Read all about it in Who's Top Who's Not


Top: Lisa Nandy

Time is up for ticket touts, declared Secretary of State for Culture, Media and Sport, Lisa Nandy, this week. Nandy spent the morning at South London grassroots music venue, Electric Brixton, bigging up the Government’s new policy to ban all ticket resales above face value of the original ticket.

It’s one of the bigger announcements for the Department under this Government, and one they can count as a manifesto pledge ticked off.

Sites will be monitored by the Competition and Markets Authority (CMA) and will be liable for penalties of up to 10% of turnover. The real kicker is that many in the industry feared the best they could hope for was a cap on the resale price but instead resale above face value will be illegal.

A strong supporter of grassroots football, Nandy is keen to put fans first in the music industry as well. Fans of the genres Nandy is into – let’s not forget her Labour Conference Britney power hour DJ set – will be delighted at the more affordable gig costs and at just how far Nandy has gone to improve consumer rights.

It’s bold, game-changing announcements like this that show the Government making a real difference to people and their wallets. But the proof will be if Nandy’s culture department can also make further vital changes in the creative industries – did I hear the words “dynamic pricing”?

Middle: Shabana Mahmood

Not everyone gets something named after them but careful briefers have made references to the Home Secretary’s approach to immigration as “Mahmoodian”. You can decide whether that’s a compliment or not.

The debate still rages over the political implications of the new rules on asylum-seekers, with some accusing Mahmood of being Reform in disguise, whilst others acknowledge that voters want to see significant change on immigration. The Labour soft-left are up in arms but it might be no bad thing for Labour as political fights get column inches and help to communicate that the Home Secretary is tough on immigration.

Whatever you think of the reforms, though, Mahmood is one Cabinet Secretary who appears to be getting stuff done which is exactly why she was appointed to the post. She even found time to declare that Police and Crime Commissioners will be abolished, and you don’t get the sense she’ll be bothered by Andy Burnham criticising her plans. Like the boats she’s trying to turn around, Mahmood is making waves.
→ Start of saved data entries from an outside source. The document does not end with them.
(* Let $h\ge2$, $L\in\mathbb{N}$, $\beta>0$, $\lambda\ge0$, $f,g:\mathbb{Z}^2\to\mathbb{R}$, let $\mathcal W:(\mathbb{Z}^2)^h\to(0,\infty)$ be any weight and $p,q\in(1,\infty)$ with $\frac1p+\frac1q=1$. Then for every $r\in\mathbb{N}$, $$\Xi(r)\le\Big(\max_{I\ne*}\big\|\widehat{\mathsf q}^{|f|,I}_L\tfrac1{\mathcal W}\big\|_{\ell^p}\Big)\Big(\max_{J\ne*}\big\|\mathcal W\,\overline{\mathsf q}^{|g|,J}_L\big\|_{\ell^q}\Big)\,\Xi^{\mathrm{bulk}}(r),$$ where $$\Xi^{\mathrm{bulk}}(r):=\sum_{\substack{I_1,\dots,I_r\vdash\{1,\dots,h\}\ \text{full support},\\ I_i\ne I_{i-1},\ I_i\ne*}}\Big\{\prod_{i=1}^r|\mathbb{E}[\xi^{I_i}_\beta]|\Big\}\Big(\max_{I,J\ne*,\,I\ne J}\big\|\mathcal W\widehat{\mathsf Q}^{I,J}_L\tfrac1{\mathcal W}\big\|_{\ell^q\to\ell^q}\Big)^{r-1}\Big(\max_{I\ne*}\big\|\mathcal W|\widehat{\mathsf U}|^I_{L,\lambda,\beta}\tfrac1{\mathcal W}\big\|_{\ell^q\to\ell^q}\Big)^r.$$
   Context: Same setting as follows. $S$ simple random walk on $\mathbb{Z}^2$, $q_n(x):=\mathrm{P}(S_n=x\mid S_0=0)$, $q^f_n(x):=\sum_zq_n(x-z)f(z)$. $\omega$ i.i.d. independent of $S$ with mean $0$, variance $1$, $\lambda(\beta):=\log\mathbb{E}e^{\beta\omega}<\infty$; $\xi_\beta:=e^{\beta\omega-\lambda(\beta)}-1$. Partitions $I\vdash\{1,\dots,h\}$, $*$ = all singletons; $\mathbf x\sim I$: $x^a=x^b$ for $a,b$ in a common block, $x^a\ne x^b$ for $a,b$ in distinct blocks of size $\ge2$; full support: each $a$ lies in a block of size $\ge2$ of some $I_i$; $\mathbb{E}[\xi^J_\beta]:=\prod_{i:|J^i|\ge2}\mathbb{E}[\xi^{|J^i|}_\beta]$ for $J\ne*$. $\mathsf Q^{I,J}_n(\mathbf z,\mathbf x):=\mathbf 1_{\{\mathbf z\sim I,\mathbf x\sim J\}}\prod_iq_n(x^i-z^i)$, $\mathsf q^{f,J}_n(\mathbf x):=\mathbf 1_{\{\mathbf x\sim J\}}\prod_iq^f_n(x^i)$, $\widehat{\mathsf Q}^{I,J}_L:=\sum_{n=1}^L\mathsf Q^{I,J}_n$, $\widehat{\mathsf q}^{f,I}_L:=\sum_{n=1}^L\mathsf q^{f,I}_n$, $\overline{\mathsf q}^{g,J}_L(\mathbf z):=\max_{1\le n\le L}\mathsf q^{g,J}_n(\mathbf z)$; $|\mathsf U|^J_{m,\beta}(\mathbf z,\mathbf x):=\sum_{k\ge1}|\mathbb{E}\xi^J_\beta|^k\sum_{0=n_0<\dots<n_k=m}\sum_{\mathbf y_1..\mathbf y_{k-1}}\prod_{i}\mathsf Q^{J,J}_{n_i-n_{i-1}}(\mathbf y_{i-1},\mathbf y_i)$ ($\mathbf y_0=\mathbf z$, $\mathbf y_k=\mathbf x$), $|\widehat{\mathsf U}|^J_{L,\lambda,\beta}(\mathbf z,\mathbf x):=\mathbf 1_{\{\mathbf z=\mathbf x\sim J\}}+\sum_{m=1}^Le^{-\lambda m}|\mathsf U|^J_{m,\beta}(\mathbf z,\mathbf x)$. $\Xi(r):=\sum_{I_1..I_r\ \text{full support},\ I_i\ne I_{i-1},I_i\ne*}\{\prod_i|\mathbb{E}\xi^{I_i}_\beta|\}\sum_{\mathbf z_i,\mathbf z_i'}\widehat{\mathsf q}^{|f|,I_1}_L(\mathbf z_1)|\widehat{\mathsf U}|^{I_1}_{L,\lambda,\beta}(\mathbf z_1,\mathbf z_1')\prod_{i=2}^r\widehat{\mathsf Q}^{I_{i-1},I_i}_L(\mathbf z'_{i-1},\mathbf z_i)|\widehat{\mathsf U}|^{I_i}_{L,\lambda,\beta}(\mathbf z_i,\mathbf z_i')\,\overline{\mathsf q}^{|g|,I_r}_L(\mathbf z_r')$. Norms: $\|F\|_{\ell^p}:=(\sum|F|^p)^{1/p}$ on $(\mathbb{Z}^2)^h$; a kernel $\mathsf A(\mathbf z,\mathbf x)$ acts by $(\mathsf Ag)(\mathbf z)=\sum_{\mathbf x}\mathsf A(\mathbf z,\mathbf x)g(\mathbf x)$, $\|\mathsf A\|_{\ell^q\to\ell^q}$ is its operator norm; $(\mathcal W\mathsf A\tfrac1{\mathcal W})(\mathbf z,\mathbf x):=\mathcal W(\mathbf z)\mathsf A(\mathbf z,\mathbf x)/\mathcal W(\mathbf x)$, and $\widehat{\mathsf q}\tfrac1{\mathcal W}$, $\mathcal W\overline{\mathsf q}$ are pointwise products. *)

From HB Require Import structures.
From mathcomp Require Import all_boot all_order all_algebra.
From mathcomp Require Import all_classical all_reals all_analysis.
Set Implicit Arguments.
Unset Strict Implicit.
Unset Printing Implicit Defensive.
Import Order.TTheory GRing.Theory Num.Theory.
Local Open Scope ring_scope.
(* Let $a,b$ be positive integers with $\gcd(a,b)=1$ such that $H_1=\langle a,b\rangle$ is minimally generated by two elements. Let $c\in H_1$ with $c>0$, $c\notin\{a,b\}$, and let $d\in\mathbb{N}$ with $d>1$ and $\gcd(c,d)=1$. Let $H=\langle da,db,c\rangle$ (the gluing of $H_1$ and $\mathbb{N}$ with respect to $d$ and $c$), $k$ a field, and $R=k[H]$. Then $R$ is Gorenstein and $$\#\mathcal{X}_{R}=d(ab-a-b)+(d-1)c+1,$$ where $\mathcal{X}_R$ is the set of graded ideals $I$ of $R$ with $R/I$ Gorenstein and $\mu_R(I)\ge 2$.
   Context: $R=k[H]=k[t^h\mid h\in H]\subseteq k[t]$ graded by $\deg t=1$; graded ideals are homogeneous ideals for this grading; $\mu_R(I)$ is the minimal number of generators. *)

From HB Require Import structures.
From mathcomp Require Import all_boot all_order all_algebra.
From mathcomp Require Import boolp classical_sets cardinality.
Set Implicit Arguments. Unset Strict Implicit. Unset Printing Implicit Defensive.
Import Order.TTheory GRing.Theory.
Local Open Scope ring_scope.
Local Open Scope classical_set_scope.

Definition sg2 (a b : nat) : set nat :=
  [set n | exists x y : nat, n = (x * a + y * b)%N].
Definition sg3 (a b c : nat) : set nat :=
  [set n | exists x y z : nat, n = (x * a + y * b + z * c)%N].

(* <a,b> is minimally generated by the two elements a, b: neither generator
   lies in the submonoid generated by the other. *)
Definition min_gen2 (a b : nat) : Prop :=
  ~ (exists x : nat, a = (x * b)%N) /\ ~ (exists x : nat, b = (x * a)%N).

Section SemigroupRing.
Variables (k : fieldType) (H : set nat).

(* R = k[H] = k[t^h | h in H] inside k[t] = {poly k}  (t = 'X, deg t = 1). *)
Definition inR (p : {poly k}) : Prop := forall i : nat, p`_i != 0 -> H i.

Definition inM (p : {poly k}) : Prop := inR p /\ p`_0 = 0.

Definition graded_ideal (I : set {poly k}) : Prop :=
  [/\ (forall p, I p -> inR p),
      I 0,
      (forall p q, I p -> I q -> I (p + q)),
      (forall r p, inR r -> I p -> I (r * p)) &
      (forall p, I p -> forall i : nat, I (p`_i *: 'X^i))].

Definition generated_by (I : set {poly k}) (s : seq {poly k}) : Prop :=
  forall p, I p <-> exists r : 'I_(size s) -> {poly k},
      (forall j, inR (r j)) /\ p = \sum_(j < size s) r j * s`_j.

Definition mu_is (I : set {poly k}) (n : nat) : Prop :=
  (exists s, size s = n /\ generated_by I s) /\
  (forall s, generated_by I s -> (n <= size s)%N).

Definition zero_ideal (I : set {poly k}) : Prop := forall p, I p -> p = 0.

(* The socle (I :_R R_+)/I of R/I is one-dimensional over k. *)
Definition socle_simple (I : set {poly k}) : Prop :=
  exists s, [/\ inR s, ~ I s, (forall m, inM m -> I (s * m)) &
    forall q, inR q -> (forall m, inM m -> I (q * m)) ->
      exists (l : k) (i : {poly k}), I i /\ q = l *: s + i].

Definition principal (x : {poly k}) : set {poly k} :=
  [set p | exists r, inR r /\ p = r * x].

(* R/I is Gorenstein, for a graded ideal I of R:
   - if I <> 0, R/I is a graded Artinian local ring, Gorenstein iff its
     socle is one-dimensional;
   - if I = 0, R/I = R is a one-dimensional graded CM domain, Gorenstein iff
     R/xR is Gorenstein for a (any) nonzero homogeneous x in R_+. *)
Definition gorenstein_quot (I : set {poly k}) : Prop :=
  (zero_ideal I /\ exists (h : nat), (0 < h)%N /\ H h /\
       socle_simple (principal 'X^h))
  \/ (~ zero_ideal I /\ socle_simple I).

Definition XR : set (set {poly k}) :=
  [set I | graded_ideal I /\ gorenstein_quot I /\
           exists n, mu_is I n /\ (2 <= n)%N].

End SemigroupRing.

(* Everything reduces to two facts about the numerical semigroup H:
   it is symmetric with Frobenius number F = d(ab - a - b) + (d - 1)c, and it
   contains every integer larger than F.
   - Arithmetic: "gluing" d*S + c*N preserves symmetry, moving the center f
     of S to d*f + (d - 1)*c (normal form z = d*u + c*w0 with 0 <= w0 < d).
     N is symmetric about -1, <a,b> is a gluing of N with N, and H is a gluing
     of <a,b> with N, which yields both facts.
   - Monomial ideals: for any numerical semigroup H with conductor F + 1,
     graded ideals of k[H] are spanned by monomials; a nonzero one has a
     simple socle iff it is I_h (monomials not dividing t^h) for some h in H.
     When H is symmetric, I_h is principal iff h - F lies in H (h > F), so
     X_R is in bijection with {h in H : not (F < h and h - F in H)}, which is
     in bijection with [0, F]; moreover R/t^e R = R/I_(F+e) is Gorenstein. *)

From Stdlib Require Import ZArith Lia.
From HB Require Import structures.
From mathcomp Require Import all_boot all_order all_algebra.
From mathcomp Require Import boolp classical_sets cardinality.
From mathcomp Require Import zify.
Local Open Scope classical_set_scope.
Local Open Scope card_scope.
Import GRing.Theory.

Section Gluing.
Local Open Scope Z_scope.

Definition glue (S : Z -> Prop) (c d z : Z) : Prop :=
  exists u w, S u /\ 0 <= w /\ z = d * u + c * w.

Definition symmetric_wrt (S : Z -> Prop) (f : Z) : Prop :=
  forall z, S z <-> ~ S (f - z).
Now that Keir Starmer and his team are done trying to start a scrap with Wes Streeting, will there be room in Starmer’s Government for someone like Mahmood, a strong, high performer, who can grab the headlines and isn’t the PM?

Not: Nigel Farage

No 10 has joined cross-party calls for Farage to explain allegations of past racist behaviour that reappeared this week. The anti-Semitic allegations date from Farage’s schooldays, ones that Farage has dismissed as “one person’s word against another”.

It's been a busy month for Farage trying to defend himself and his party. Just last week he was called on to explain racist comments by Sarah Pochin, MP for Runcorn. Then this week, Laura Anne Jones MS, Reform UK’s only member of the Welsh Senedd, has been suspended over a racial slur she posted in an office WhatsApp group.

Reform has stated that if there was “hard evidence” of similar comments from a Reform candidate in the future, then they would be blocked from standing. A chorus of MPs and Peers have joined in condemning Farage’s dismissal of the claims, including Joani Reid MP, Chair of the All-Party Parliamentary Group against Antisemitism. The question, as always with Reform, will be whether these allegations stick when it comes to voters?